WHAT THE TASK ASKS: From the entries below, reproduce exactly the line containing "by rewrite -(ltr_nat", the line containing "Theorem theorem4p1 (R", and every line in between, with nothing added.

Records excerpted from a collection
--- START ---
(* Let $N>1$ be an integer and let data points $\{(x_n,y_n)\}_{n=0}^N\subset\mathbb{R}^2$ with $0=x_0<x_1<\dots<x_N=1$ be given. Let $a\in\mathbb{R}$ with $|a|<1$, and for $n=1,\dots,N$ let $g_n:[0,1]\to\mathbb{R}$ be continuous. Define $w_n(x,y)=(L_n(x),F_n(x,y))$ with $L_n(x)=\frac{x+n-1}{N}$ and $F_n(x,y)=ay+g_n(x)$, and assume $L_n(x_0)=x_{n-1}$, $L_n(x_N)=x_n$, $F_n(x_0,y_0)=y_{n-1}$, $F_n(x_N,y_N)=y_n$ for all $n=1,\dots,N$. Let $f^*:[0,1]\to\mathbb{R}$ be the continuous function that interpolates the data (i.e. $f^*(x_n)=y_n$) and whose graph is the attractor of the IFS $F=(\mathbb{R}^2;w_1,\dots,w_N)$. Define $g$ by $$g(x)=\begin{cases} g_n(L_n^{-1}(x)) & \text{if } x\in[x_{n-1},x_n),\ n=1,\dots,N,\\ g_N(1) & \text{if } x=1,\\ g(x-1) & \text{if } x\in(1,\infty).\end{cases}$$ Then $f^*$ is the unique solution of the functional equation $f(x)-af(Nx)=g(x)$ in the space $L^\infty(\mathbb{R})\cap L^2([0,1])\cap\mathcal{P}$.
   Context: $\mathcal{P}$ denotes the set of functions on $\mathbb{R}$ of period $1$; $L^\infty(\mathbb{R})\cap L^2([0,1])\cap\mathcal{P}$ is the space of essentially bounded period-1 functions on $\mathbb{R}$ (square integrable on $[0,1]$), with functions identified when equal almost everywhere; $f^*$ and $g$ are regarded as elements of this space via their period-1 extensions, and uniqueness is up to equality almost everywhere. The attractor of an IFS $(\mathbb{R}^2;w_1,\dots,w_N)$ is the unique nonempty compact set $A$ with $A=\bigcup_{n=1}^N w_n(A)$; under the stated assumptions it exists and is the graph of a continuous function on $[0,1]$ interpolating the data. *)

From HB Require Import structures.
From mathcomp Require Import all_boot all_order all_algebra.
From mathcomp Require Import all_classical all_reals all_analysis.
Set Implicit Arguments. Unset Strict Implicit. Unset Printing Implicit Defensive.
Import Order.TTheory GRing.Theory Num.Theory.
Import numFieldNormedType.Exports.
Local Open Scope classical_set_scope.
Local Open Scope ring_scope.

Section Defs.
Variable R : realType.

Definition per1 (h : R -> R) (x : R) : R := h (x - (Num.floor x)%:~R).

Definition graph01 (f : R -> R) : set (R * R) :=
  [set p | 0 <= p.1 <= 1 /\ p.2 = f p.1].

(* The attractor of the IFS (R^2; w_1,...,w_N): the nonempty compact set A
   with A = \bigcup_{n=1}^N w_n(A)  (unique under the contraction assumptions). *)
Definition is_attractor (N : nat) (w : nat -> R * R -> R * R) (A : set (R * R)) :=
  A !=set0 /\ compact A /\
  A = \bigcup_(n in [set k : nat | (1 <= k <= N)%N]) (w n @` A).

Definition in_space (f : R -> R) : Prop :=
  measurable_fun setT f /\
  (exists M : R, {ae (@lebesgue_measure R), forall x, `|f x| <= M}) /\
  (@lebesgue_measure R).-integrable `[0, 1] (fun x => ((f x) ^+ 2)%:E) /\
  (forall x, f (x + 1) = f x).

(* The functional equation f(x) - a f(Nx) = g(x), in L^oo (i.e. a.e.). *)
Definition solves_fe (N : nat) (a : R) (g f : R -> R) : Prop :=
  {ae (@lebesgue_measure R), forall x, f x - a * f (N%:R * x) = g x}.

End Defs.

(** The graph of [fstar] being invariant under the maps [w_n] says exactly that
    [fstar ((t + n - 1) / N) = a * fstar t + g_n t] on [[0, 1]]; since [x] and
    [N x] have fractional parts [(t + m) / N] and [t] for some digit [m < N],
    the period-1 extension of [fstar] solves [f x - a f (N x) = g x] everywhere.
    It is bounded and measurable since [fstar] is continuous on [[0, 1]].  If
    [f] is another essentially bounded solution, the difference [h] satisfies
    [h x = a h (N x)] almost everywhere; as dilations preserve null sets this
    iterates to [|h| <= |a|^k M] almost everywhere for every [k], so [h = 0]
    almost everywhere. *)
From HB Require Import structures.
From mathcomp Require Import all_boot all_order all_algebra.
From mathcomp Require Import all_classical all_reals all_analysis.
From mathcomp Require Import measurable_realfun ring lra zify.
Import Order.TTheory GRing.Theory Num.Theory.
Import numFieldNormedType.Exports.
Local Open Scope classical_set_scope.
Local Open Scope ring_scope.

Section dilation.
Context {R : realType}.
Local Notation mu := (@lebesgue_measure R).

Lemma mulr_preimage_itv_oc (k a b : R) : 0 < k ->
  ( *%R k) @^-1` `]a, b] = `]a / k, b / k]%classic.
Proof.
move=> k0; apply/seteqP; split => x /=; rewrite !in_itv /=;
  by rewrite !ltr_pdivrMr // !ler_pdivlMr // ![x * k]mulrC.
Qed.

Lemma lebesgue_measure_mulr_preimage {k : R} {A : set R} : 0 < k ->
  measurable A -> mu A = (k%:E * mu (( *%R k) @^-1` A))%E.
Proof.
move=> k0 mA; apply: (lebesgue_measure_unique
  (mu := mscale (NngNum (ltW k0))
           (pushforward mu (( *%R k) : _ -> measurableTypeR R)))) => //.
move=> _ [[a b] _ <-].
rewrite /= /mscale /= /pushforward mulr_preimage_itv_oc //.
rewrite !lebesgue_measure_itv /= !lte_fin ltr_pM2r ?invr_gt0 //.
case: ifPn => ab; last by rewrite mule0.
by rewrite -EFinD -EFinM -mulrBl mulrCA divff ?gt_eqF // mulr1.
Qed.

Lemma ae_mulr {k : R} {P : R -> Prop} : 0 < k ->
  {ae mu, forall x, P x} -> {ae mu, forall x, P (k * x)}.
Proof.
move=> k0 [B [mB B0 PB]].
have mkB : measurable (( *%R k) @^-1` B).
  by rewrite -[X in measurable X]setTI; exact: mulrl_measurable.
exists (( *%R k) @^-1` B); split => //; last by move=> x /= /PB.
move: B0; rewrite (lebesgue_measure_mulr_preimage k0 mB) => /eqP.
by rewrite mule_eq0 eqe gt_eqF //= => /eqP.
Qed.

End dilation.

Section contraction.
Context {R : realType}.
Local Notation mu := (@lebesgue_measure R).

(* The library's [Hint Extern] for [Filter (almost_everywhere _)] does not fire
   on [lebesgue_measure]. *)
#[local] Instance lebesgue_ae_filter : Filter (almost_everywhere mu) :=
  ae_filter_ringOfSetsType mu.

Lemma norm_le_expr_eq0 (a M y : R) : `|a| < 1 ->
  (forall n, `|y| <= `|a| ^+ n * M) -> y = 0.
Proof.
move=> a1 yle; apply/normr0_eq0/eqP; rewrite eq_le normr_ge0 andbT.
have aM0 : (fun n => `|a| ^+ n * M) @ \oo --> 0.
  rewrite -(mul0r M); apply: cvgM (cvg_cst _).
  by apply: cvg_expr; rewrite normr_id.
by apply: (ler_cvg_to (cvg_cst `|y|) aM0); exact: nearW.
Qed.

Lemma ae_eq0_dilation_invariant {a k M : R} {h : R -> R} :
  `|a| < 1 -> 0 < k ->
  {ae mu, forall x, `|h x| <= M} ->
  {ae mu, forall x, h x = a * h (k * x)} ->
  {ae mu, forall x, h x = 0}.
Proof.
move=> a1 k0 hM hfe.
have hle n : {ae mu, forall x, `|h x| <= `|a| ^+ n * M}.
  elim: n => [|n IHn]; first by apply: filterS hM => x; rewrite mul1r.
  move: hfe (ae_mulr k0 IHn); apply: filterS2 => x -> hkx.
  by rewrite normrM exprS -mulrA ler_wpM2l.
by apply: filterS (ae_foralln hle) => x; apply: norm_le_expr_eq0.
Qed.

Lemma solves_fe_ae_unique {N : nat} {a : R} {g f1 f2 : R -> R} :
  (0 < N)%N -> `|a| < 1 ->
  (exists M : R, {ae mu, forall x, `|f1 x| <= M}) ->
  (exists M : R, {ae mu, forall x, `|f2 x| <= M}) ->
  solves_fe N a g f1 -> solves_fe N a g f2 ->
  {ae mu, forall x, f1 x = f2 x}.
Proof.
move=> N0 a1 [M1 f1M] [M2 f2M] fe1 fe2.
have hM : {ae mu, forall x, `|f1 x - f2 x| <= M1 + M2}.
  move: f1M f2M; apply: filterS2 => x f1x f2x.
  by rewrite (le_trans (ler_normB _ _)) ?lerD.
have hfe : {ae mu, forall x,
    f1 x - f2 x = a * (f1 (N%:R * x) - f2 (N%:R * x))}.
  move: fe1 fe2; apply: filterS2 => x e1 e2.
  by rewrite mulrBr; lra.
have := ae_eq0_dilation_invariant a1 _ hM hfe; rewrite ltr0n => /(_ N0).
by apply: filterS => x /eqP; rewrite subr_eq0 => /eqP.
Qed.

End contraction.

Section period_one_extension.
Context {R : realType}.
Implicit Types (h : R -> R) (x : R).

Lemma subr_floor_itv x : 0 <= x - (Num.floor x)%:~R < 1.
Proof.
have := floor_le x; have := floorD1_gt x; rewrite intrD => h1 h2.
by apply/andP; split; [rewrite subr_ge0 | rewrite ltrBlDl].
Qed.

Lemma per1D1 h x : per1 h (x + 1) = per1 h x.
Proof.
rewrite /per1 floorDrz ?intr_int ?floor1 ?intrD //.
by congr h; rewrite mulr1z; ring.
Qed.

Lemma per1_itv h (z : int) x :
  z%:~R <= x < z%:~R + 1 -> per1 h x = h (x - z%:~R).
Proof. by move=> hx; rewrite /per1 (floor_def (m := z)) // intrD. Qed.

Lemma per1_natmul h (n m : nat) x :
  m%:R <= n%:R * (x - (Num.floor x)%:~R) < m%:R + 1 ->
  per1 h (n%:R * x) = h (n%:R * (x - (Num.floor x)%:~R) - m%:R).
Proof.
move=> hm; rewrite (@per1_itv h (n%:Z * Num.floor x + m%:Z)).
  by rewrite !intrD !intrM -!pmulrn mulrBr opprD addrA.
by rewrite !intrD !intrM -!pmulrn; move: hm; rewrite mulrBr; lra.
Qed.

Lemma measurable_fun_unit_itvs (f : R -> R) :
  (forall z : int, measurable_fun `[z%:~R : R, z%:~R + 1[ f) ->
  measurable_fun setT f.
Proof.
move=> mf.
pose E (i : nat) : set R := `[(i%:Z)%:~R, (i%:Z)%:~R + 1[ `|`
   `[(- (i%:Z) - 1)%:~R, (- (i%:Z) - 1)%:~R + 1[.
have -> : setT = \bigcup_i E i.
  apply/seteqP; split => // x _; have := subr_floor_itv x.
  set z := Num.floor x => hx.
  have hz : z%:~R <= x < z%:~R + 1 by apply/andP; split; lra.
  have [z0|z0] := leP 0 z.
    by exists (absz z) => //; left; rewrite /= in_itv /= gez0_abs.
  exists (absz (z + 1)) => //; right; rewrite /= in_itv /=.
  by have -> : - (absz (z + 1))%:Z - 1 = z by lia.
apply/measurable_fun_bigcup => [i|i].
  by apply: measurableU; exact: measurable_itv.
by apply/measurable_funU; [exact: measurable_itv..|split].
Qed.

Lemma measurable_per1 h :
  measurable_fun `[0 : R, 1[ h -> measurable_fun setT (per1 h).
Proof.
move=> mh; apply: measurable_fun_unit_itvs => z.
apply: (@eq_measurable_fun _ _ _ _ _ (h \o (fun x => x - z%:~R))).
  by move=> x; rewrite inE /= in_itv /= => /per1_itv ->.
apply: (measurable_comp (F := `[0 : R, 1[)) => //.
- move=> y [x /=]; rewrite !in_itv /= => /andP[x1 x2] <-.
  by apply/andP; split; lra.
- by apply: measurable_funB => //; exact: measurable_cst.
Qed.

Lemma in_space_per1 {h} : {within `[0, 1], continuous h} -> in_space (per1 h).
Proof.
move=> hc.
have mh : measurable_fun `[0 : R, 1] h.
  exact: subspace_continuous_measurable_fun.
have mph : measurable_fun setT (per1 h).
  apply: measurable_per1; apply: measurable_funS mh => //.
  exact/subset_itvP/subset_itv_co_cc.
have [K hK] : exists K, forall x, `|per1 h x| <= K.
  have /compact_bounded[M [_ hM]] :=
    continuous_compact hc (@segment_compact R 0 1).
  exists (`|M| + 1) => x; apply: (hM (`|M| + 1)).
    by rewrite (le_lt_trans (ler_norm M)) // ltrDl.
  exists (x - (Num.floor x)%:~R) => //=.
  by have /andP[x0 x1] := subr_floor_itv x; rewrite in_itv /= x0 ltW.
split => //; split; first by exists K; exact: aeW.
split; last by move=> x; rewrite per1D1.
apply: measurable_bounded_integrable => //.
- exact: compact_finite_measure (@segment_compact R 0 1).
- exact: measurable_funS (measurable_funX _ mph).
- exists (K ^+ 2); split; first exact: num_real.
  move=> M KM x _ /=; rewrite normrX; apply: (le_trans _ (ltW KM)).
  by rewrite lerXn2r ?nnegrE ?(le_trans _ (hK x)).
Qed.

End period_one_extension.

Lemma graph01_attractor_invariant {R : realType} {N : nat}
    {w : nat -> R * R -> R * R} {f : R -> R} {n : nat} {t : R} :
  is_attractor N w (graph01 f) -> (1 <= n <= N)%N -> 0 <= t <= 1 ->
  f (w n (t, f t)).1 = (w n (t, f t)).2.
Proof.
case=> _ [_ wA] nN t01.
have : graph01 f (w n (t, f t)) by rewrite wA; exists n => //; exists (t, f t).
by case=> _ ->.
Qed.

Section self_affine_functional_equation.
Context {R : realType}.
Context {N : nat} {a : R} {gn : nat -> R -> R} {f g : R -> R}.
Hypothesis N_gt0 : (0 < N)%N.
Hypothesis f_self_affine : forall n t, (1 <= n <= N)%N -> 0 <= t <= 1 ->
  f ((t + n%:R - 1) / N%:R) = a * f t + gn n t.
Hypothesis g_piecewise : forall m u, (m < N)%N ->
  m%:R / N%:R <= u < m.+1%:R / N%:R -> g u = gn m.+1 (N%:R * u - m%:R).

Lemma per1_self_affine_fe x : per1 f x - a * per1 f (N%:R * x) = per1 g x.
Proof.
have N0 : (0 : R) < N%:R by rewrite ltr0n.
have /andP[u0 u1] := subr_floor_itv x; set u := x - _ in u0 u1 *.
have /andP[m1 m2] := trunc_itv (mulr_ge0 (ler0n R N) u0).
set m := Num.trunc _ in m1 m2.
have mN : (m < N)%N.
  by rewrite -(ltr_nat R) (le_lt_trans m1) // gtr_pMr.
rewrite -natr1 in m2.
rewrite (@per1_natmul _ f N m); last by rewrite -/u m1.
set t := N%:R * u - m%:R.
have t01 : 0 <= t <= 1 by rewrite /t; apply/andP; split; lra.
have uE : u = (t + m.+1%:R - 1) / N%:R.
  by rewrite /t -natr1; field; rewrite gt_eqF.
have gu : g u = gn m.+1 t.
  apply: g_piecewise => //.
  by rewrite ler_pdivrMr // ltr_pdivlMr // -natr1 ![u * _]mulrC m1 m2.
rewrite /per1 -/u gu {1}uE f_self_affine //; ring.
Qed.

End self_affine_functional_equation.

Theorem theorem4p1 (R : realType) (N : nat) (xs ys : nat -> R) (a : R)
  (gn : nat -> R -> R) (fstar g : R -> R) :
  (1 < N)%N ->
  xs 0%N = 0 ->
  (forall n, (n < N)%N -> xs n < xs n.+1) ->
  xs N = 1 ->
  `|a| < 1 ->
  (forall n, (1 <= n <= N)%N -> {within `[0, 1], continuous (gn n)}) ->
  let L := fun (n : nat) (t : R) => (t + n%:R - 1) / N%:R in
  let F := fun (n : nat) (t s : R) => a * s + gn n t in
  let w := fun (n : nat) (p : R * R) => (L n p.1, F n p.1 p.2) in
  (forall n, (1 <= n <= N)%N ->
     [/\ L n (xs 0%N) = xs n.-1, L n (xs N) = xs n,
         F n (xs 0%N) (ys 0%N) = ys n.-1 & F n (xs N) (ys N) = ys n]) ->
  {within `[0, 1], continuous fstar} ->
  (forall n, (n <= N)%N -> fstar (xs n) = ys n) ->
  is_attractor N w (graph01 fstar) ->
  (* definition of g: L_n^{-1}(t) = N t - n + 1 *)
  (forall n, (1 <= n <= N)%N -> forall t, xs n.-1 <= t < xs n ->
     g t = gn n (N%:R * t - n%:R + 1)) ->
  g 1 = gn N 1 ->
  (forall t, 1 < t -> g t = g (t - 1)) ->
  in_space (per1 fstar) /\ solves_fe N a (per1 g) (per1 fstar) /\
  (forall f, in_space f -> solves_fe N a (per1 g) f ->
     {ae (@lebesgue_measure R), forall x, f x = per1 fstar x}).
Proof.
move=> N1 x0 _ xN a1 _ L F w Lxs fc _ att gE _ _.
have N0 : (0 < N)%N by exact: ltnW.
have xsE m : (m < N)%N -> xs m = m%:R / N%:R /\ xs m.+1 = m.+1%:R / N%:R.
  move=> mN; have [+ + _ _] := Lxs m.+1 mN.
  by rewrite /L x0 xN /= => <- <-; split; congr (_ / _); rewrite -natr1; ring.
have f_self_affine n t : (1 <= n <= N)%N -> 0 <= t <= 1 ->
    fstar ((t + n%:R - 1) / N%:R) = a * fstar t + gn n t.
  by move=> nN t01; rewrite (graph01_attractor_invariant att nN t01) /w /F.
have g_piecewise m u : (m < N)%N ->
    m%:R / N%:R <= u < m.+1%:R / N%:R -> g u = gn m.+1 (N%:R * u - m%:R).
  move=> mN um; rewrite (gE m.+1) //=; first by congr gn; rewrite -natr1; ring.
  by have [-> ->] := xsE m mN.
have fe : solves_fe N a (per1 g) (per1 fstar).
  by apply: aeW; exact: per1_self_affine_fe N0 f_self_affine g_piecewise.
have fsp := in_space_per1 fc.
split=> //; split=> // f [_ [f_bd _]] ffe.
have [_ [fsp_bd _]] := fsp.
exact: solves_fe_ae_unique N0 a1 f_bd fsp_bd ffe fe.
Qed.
--- END ---
OUTPUT BELOW:
  by rewrite -(ltr_nat R) (le_lt_trans m1) // gtr_pMr.
rewrite -natr1 in m2.
rewrite (@per1_natmul _ f N m); last by rewrite -/u m1.
set t := N%:R * u - m%:R.
have t01 : 0 <= t <= 1 by rewrite /t; apply/andP; split; lra.
have uE : u = (t + m.+1%:R - 1) / N%:R.
  by rewrite /t -natr1; field; rewrite gt_eqF.
have gu : g u = gn m.+1 t.
  apply: g_piecewise => //.
  by rewrite ler_pdivrMr // ltr_pdivlMr // -natr1 ![u * _]mulrC m1 m2.
rewrite /per1 -/u gu {1}uE f_self_affine //; ring.
Qed.

End self_affine_functional_equation.

Theorem theorem4p1 (R : realType) (N : nat) (xs ys : nat -> R) (a : R)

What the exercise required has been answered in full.